O concurso foi questionado em mandado de segurança proposto em 1999, que alegava, entre outros argumentos, irregularidades na comissão organizadora do certame, composta por servidores do TCE. “Todas as alegações foram acatadas pelo Tribunal de Justiça, mas de algumas delas eu sequer tive ciência formal”, relatou o procurador de Contas à Tribuna do Planalto nesta semana, depois da decisão da vice-presidente do STF. “Minha interpretação é de que trata-se de perseguição, mas continuarei exercendo o papel para o qual eu fiz concurso e tomei posse regularmente”, assevera.

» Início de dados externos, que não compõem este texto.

(* [zip (ar r) a] lists the elements of [a] with their sorts. *)
Lemma atom_prob_local n r a w w' : size a = size (ar r) ->
  (forall r' t, dag B r' r -> t \in etuples (zip (ar r) a) (ar r') ->
     w r' t = w' r' t) ->
  atom_prob ar B n w r a = atom_prob ar B n w' r a.
Proof.
move=> sa ww'; rewrite /atom_prob; congr (comb _); apply/rowP => i; rewrite !mxE.
have /andP[qchi /allP chix] := chi_qfree (ltn_ord i).
have := chi_wf (ltn_ord i).
case: (nth c0 (chis B r) i) qchi chix => ys f /= qf fx /and5P[_ _ wsf /allP fpar _].
rewrite /Defs.frac /=; congr (_%:R / _); apply: eq_count => b /=.
apply: (eq_eval_structure (ar := ar)) => // r' args r'f argsf sargs.
apply: ww'; first exact: fpar.
rewrite mem_etuples size_map -sargs size_map eqxx /= zip_map all_map.
apply/allP => v /argsf /fx vx /=; have [v2 v1 iv] := mem_xvars vx.
rewrite /assign vx iv.
have -> : (v.1, nth 0%N a v.2) = nth (v.1, 0%N) (zip (ar r) a) v.2.
  by rewrite nth_zip // -v1.
by apply: mem_nth; rewrite size_zip sa minnn.
Qed.

Definition atom : Type := Rel * seq nat.

Definition structure_of (v : atom -> bool) : structure Rel := fun r t => v (r, t).

Definition ground_prob n (x : atom) (v : atom -> bool) : R :=
  atom_prob ar B n (structure_of v) x.1 x.2.

(* Being quantifier-free, [R(a)] only sees parent atoms over the elements of [a]. *)
Definition atom_parent (z x : atom) : bool :=
  dag B z.1 x.1 && (z.2 \in etuples (zip (ar x.1) x.2) (ar z.1)).

Lemma atom_parent_has_sinks : has_sinks atom_parent.
Proof.
apply: (has_sinks_homo (f := fst) (e' := dag B)) => [z x /andP[] //|].
by apply: acyclic_has_sinks; case: B_wf.
Qed.

Lemma ground_prob_local n : {in ground_atoms ar n, forall x v v',
  {in atom_parent^~ x, v =1 v'} -> ground_prob n x v = ground_prob n x v'}.
Proof.
move=> x; rewrite mem_ground_atoms mem_tuples => /andP[/eqP sx _] v v' vv'.
by apply: atom_prob_local => // r' t r'x tx; apply: vv'; apply/andP.
Qed.

Definition Pn_expect n (Psi : structure Rel -> R) : R :=
  bsum (ground_atoms ar n)
    (fun v => world_prob ar B n (structure_of v) * Psi (structure_of v)).

Lemma Pn_expectE n E Y : Pn ar B n E Y = Pn_expect n (fun w => (in_cyl ar E Y w)%:R).
Proof. by rewrite /Pn /Pn_expect -bsum_bitseqs. Qed.

Lemma world_prob_factor n v :
  world_prob ar B n (structure_of v) =
  \prod_(x <- ground_atoms ar n) bn_factor (ground_prob n) x v.
Proof. by apply: eq_bigr => -[r t]. Qed.

Lemma Pn_expectD n Psi Psi' :
  Pn_expect n (fun w => Psi w + Psi' w) = Pn_expect n Psi + Pn_expect n Psi'.
Proof. by rewrite /Pn_expect -bsumD; apply: eq_bsum => v; rewrite mulrDr. Qed.

Lemma Pn_expect0 n : Pn_expect n (fun _ => 0) = 0.
Proof.
rewrite /Pn_expect -[RHS](mul0r (bsum (ground_atoms ar n) (fun=> 1))) -bsumZ.
by apply: eq_bsum => v; rewrite mulr0 mul0r.
Qed.

Lemma Pn_expect_ge0 n Psi : (forall w, 0 <= Psi w) -> 0 <= Pn_expect n Psi.
Proof.
move=> Psi_ge0; apply: bsum_ge0 => v; rewrite mulr_ge0 // /world_prob.
apply: prodr_ge0 => g _.
have /andP[p_ge0 p_le1] := atom_prob_ge0_le1 n (structure_of v) g.1 g.2.
by case: ifP; rewrite ?subr_ge0.
Qed.

Lemma Pn_expect1 n : Pn_expect n (fun _ => 1) = 1.
Proof.
rewrite /Pn_expect; under eq_bsum => v do rewrite world_prob_factor.
rewrite (@bn_marginal _ _ _ atom_parent _ [::] (fun _ => 1)) /= ?big_nil ?mulr1 //.
- exact: uniq_ground_atoms.
- exact: ground_prob_local.
- exact: atom_parent_has_sinks.
Qed.

Definition determined_by E (T : Type) (f : structure Rel -> T) : Prop :=
  forall w w', (forall r t, t \in etuples E (ar r) -> w r t = w' r t) -> f w = f w'.

Definition atoms_over E : seq atom :=
  undup [seq (r, t) | r <- enum Rel, t <- etuples E (ar r)].

Lemma mem_atoms_over E x : (x \in atoms_over E) = (x.2 \in etuples E (ar x.1)).
Proof.
rewrite mem_undup; apply/allpairsPdep/idP => [[r [t [_ tE ->]]] //|xE].
by exists x.1, x.2; rewrite mem_enum xE; case: x xE.
Qed.

(* The atoms over [E] are closed under parents, so summing out the others
   leaves a finite network whose factors no longer see the domain sizes. *)
Lemma Pn_expect_marginal n E Psi :
  nonempty_domain n -> cyl_defined n E -> determined_by E Psi ->
  Pn_expect n Psi = bsum (atoms_over E) (fun v =>
    \prod_(x <- atoms_over E) bn_factor (ground_prob n) x v * Psi (structure_of v)).
Proof.
move=> n_gt0 nE PsiE; rewrite /Pn_expect.
under eq_bsum => v do rewrite world_prob_factor.
apply: (bn_marginal (parent := atom_parent)).
- exact: uniq_ground_atoms.
- exact: undup_uniq.
- move=> x; rewrite mem_atoms_over mem_ground_atoms mem_tuples mem_etuples.
  case/andP=> -> /allP xE /=; apply/allP => z /xE zE.
  by move/allP: nE => /(_ z zE).
- exact: ground_prob_local.
- move=> x; rewrite mem_atoms_over mem_etuples => /andP[_ /allP xE] z /andP[_].
  rewrite mem_atoms_over !mem_etuples => /andP[-> /allP zx] /=.
  by apply/allP => q /zx /xE.
- exact: atom_parent_has_sinks.
- by move=> v v' vv'; apply: PsiE => r t tE; apply: vv'; rewrite mem_atoms_over.
Qed.

Lemma Pn_expect_domain_invariant n n' E Psi :
  nonempty_domain n -> nonempty_domain n' -> cyl_defined n E -> cyl_defined n' E ->
  determined_by E Psi -> Pn_expect n Psi = Pn_expect n' Psi.
Proof.
move=> n_gt0 n'_gt0 nE n'E PsiE; rewrite !(Pn_expect_marginal _ _ PsiE) //.
apply: eq_bsum => v; congr (_ * _); apply: eq_bigr => x _.
by rewrite /bn_factor /ground_prob (atom_prob_size _ _ _ n_gt0 n'_gt0).
Qed.

Lemma determined_by_in_cyl E Y : determined_by E (in_cyl ar E Y).
Proof.
move=> w w' ww'; apply: eq_all => r; apply: eq_in_all => t tE.
by rewrite ww'.
Qed.

Lemma determined_by_cyl E Y : determined_by E (cyl ar E Y).
Proof. by move=> w w' /(@determined_by_in_cyl E Y w w'); rewrite /cyl /= => ->. Qed.

Lemma flbn_projective : projective ar B.
Proof.
move=> E Y n n' n_gt0 n'_gt0 nE n'E; rewrite !Pn_expectE.
apply: (Pn_expect_domain_invariant (E := E)) => // w w'.
by move/(@determined_by_in_cyl E Y w w') => ->.
Qed.

End QuantifierFreeNetwork.

Local Open Scope classical_set_scope.

Definition structure_space (Rel : Type) : Type :=
  prod_topology (fun _ : Rel => prod_topology (fun _ : seq nat => bool)).
HB.instance Definition _ (Rel : Type) := Pointed.on (structure_space Rel).
HB.instance Definition _ (Rel : Type) := Nbhs.on (structure_space Rel).
HB.instance Definition _ (Rel : Type) := Topological.on (structure_space Rel).

Lemma compact_structure_space (Rel : eqType) : compact [set: structure_space Rel].
Proof.
have compact_row : compact [set: prod_topology (fun _ : seq nat => bool)].
  have := @tychonoff _ (fun _ : seq nat => _) _ (fun=> bool_compact).
  by congr (compact _); rewrite eqEsubset.
have := @tychonoff _ (fun _ : Rel => _) _ (fun=> compact_row).
by congr (compact _); rewrite eqEsubset.
Qed.

Lemma nbhs_atoms (Rel : eqType) (w : structure_space Rel) (l : seq (Rel * seq nat)) :
  nbhs w [set w' : structure_space Rel | {in l, forall x, w' x.1 x.2 = w x.1 x.2}].
Proof.
have nbhs_atom r t : nbhs w [set w' : structure_space Rel | w' r t = w r t].
  have row_nbhs : nbhs (w r) [set v : prod_topology _ | v t = w r t].
    exact: (@proj_continuous (seq nat) (fun _ => bool) t (w r) [set w r t]).
  exact: (@proj_continuous Rel (fun _ => prod_topology _) r w _ row_nbhs).
elim: l => [|x l IH]; first by apply: filterS filterT.
apply: filterS (filterI (nbhs_atom x.1 x.2) IH) => w' [wx wl] z.
by rewrite in_cons => /predU1P[->|/wl].
Qed.

Section CylinderSets.
Variables (S Rel : finType) (ar : Rel -> seq S).
Implicit Types (E : seq (var S)) (C : set (structure Rel)).

Definition cylinder_sets : set (set (structure Rel)) :=
  [set C | exists E, determined_by ar E C].

Lemma determined_by_sub E E' (T : Type) (f : structure Rel -> T) :
  {subset E <= E'} -> determined_by ar E f -> determined_by ar E' f.
Proof.
by move=> EE' fE w w' ww'; apply: fE => r t /(etuples_sub EE'); apply: ww'.
Qed.

Lemma determined_by_comp E (T U : Type) (h : T -> U) (f : structure Rel -> T) :
  determined_by ar E f -> determined_by ar E (h \o f).
Proof. by move=> fE w w' /fE /= ->. Qed.

Lemma determined_by2 E (T1 T2 U : Type) (h : T1 -> T2 -> U) f g :
  determined_by ar E f -> determined_by ar E g ->
  determined_by ar E (fun w => h (f w) (g w)).
Proof. by move=> fE gE w w' ww'; rewrite (fE _ _ ww') (gE _ _ ww'). Qed.

Lemma determined_by_open E C : determined_by ar E C -> @open (structure_space Rel) C.
Proof.
move=> CE; rewrite openE => w Cw.
apply: filterS (nbhs_atoms w (atoms_over ar E)) => w' ww'.
rewrite -(CE w) // => r t tE; apply/esym/(ww' (r, t)).
by rewrite mem_atoms_over.
Qed.

(* Cylinder sets are clopen in a compact space, so a cylinder covered by
   disjoint cylinders is covered by finitely many of them. *)
Lemma cylinder_bigcup_finite (F : nat -> set (structure Rel)) :
  (forall i, cylinder_sets (F i)) -> trivIset setT F ->
  cylinder_sets (\bigcup_i F i) -> exists N, forall j, (N <= j)%N -> F j = set0.
Proof.
move=> Fcyl Ftriv [E UE].
have compactU : @compact (structure_space Rel) (\bigcup_i F i).
  have closedU : @closed (structure_space Rel) (\bigcup_i F i).
    rewrite -[X in closed X]setCK; apply: open_closedC.
    exact: (determined_by_open (determined_by_comp not UE)).
  exact: (subclosed_compact closedU (@compact_structure_space Rel) (@subsetT _ _)).
rewrite compact_cover in compactU.
have [i _|w [i _ Fiw]|D _ FD] := compactU nat setT F.
- by have [Ei FiE] := Fcyl i; exact: (determined_by_open FiE).
- by exists i.
exists (\max_(i <- finmap.enum_fset D) i).+1 => j ltDj.
apply/seteqP; split => // w Fjw.
have [i iD Fiw] := FD w (ex_intro2 _ _ j I Fjw).
have ij := Ftriv i j I I (ex_intro _ w (conj Fiw Fjw)); subst j.
by move: ltDj; rewrite ltnNge (leq_bigmax_seq i).
Qed.

Lemma cylinder_sets0 : cylinder_sets set0.
Proof. by exists [::]. Qed.

Lemma cylinder_sets2 C1 C2 : cylinder_sets C1 -> cylinder_sets C2 ->
  exists E, determined_by ar E C1 /\ determined_by ar E C2.
Proof.
move=> [E1 C1E] [E2 C2E]; exists (E1 ++ E2).
split; [apply: determined_by_sub C1E | apply: determined_by_sub C2E];
  by move=> e; rewrite mem_cat => ->; rewrite ?orbT.
Qed.

Lemma cylinder_setsU : setU_closed cylinder_sets.
Proof.
move=> C1 C2 /cylinder_sets2/[apply] -[E [C1E C2E]].
by exists E; apply: (determined_by2 or).
Qed.

Lemma cylinder_setsD : setD_closed cylinder_sets.
Proof.
move=> C1 C2 /cylinder_sets2/[apply] -[E [C1E C2E]].
by exists E; apply: (determined_by2 (fun a b => a /\ ~ b)).
Qed.

(* Indexed by [ar] so that its ring of cylinder sets can be canonical. *)
Definition cylinder_space (_ : Rel -> seq S) : Type := structure Rel.
HB.instance Definition _ := Pointed.on (cylinder_space ar).
HB.instance Definition _ := @isRingOfSets.Build default_measure_display
  (cylinder_space ar) cylinder_sets cylinder_sets0 cylinder_setsU cylinder_setsD.

End CylinderSets.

O processo continua no Tribunal de Justiça e Fernando Carneiro diz ter certeza de que conseguirá provar, nas instâncias superiores (STJ e STF) que não houve irregularidade em sua investidura no cargo. Já em relação aos questionamentos sobre o certame, ele aponta erros, a começar pela via eleita, o mandado de segurança, que se aplica a casos em que há direito líquido e certo do impetrante.

Vitaliciedade

Em sua decisão, a ministra Rosa Weber entendeu que o afastamento de procurador antes do trânsito em julgado da sentença e sem indicação concreta do perigo da demora transgrediu, de forma evidente, as prerrogativas funcionais inerentes ao cargo, implicando desrespeito à autoridade das decisões proferidas pelo STF.

Segundo ela, a jurisprudência da Corte reconhece que as prerrogativas subjetivas dos membros dos MPs junto aos Tribunais Contas são extensíveis à garantia de vitaliciedade (artigo 128, parágrafo 5º, inciso “I”, alínea “a”, da Constituição). À luz desse dispositivo constitucional, é entendimento pacífico do STF que, após o prazo de dois anos no exercício do cargo, quando se adquire plenamente a vitaliciedade, só é possível a perda do cargo em razão de sentença judicial transitada em julgado.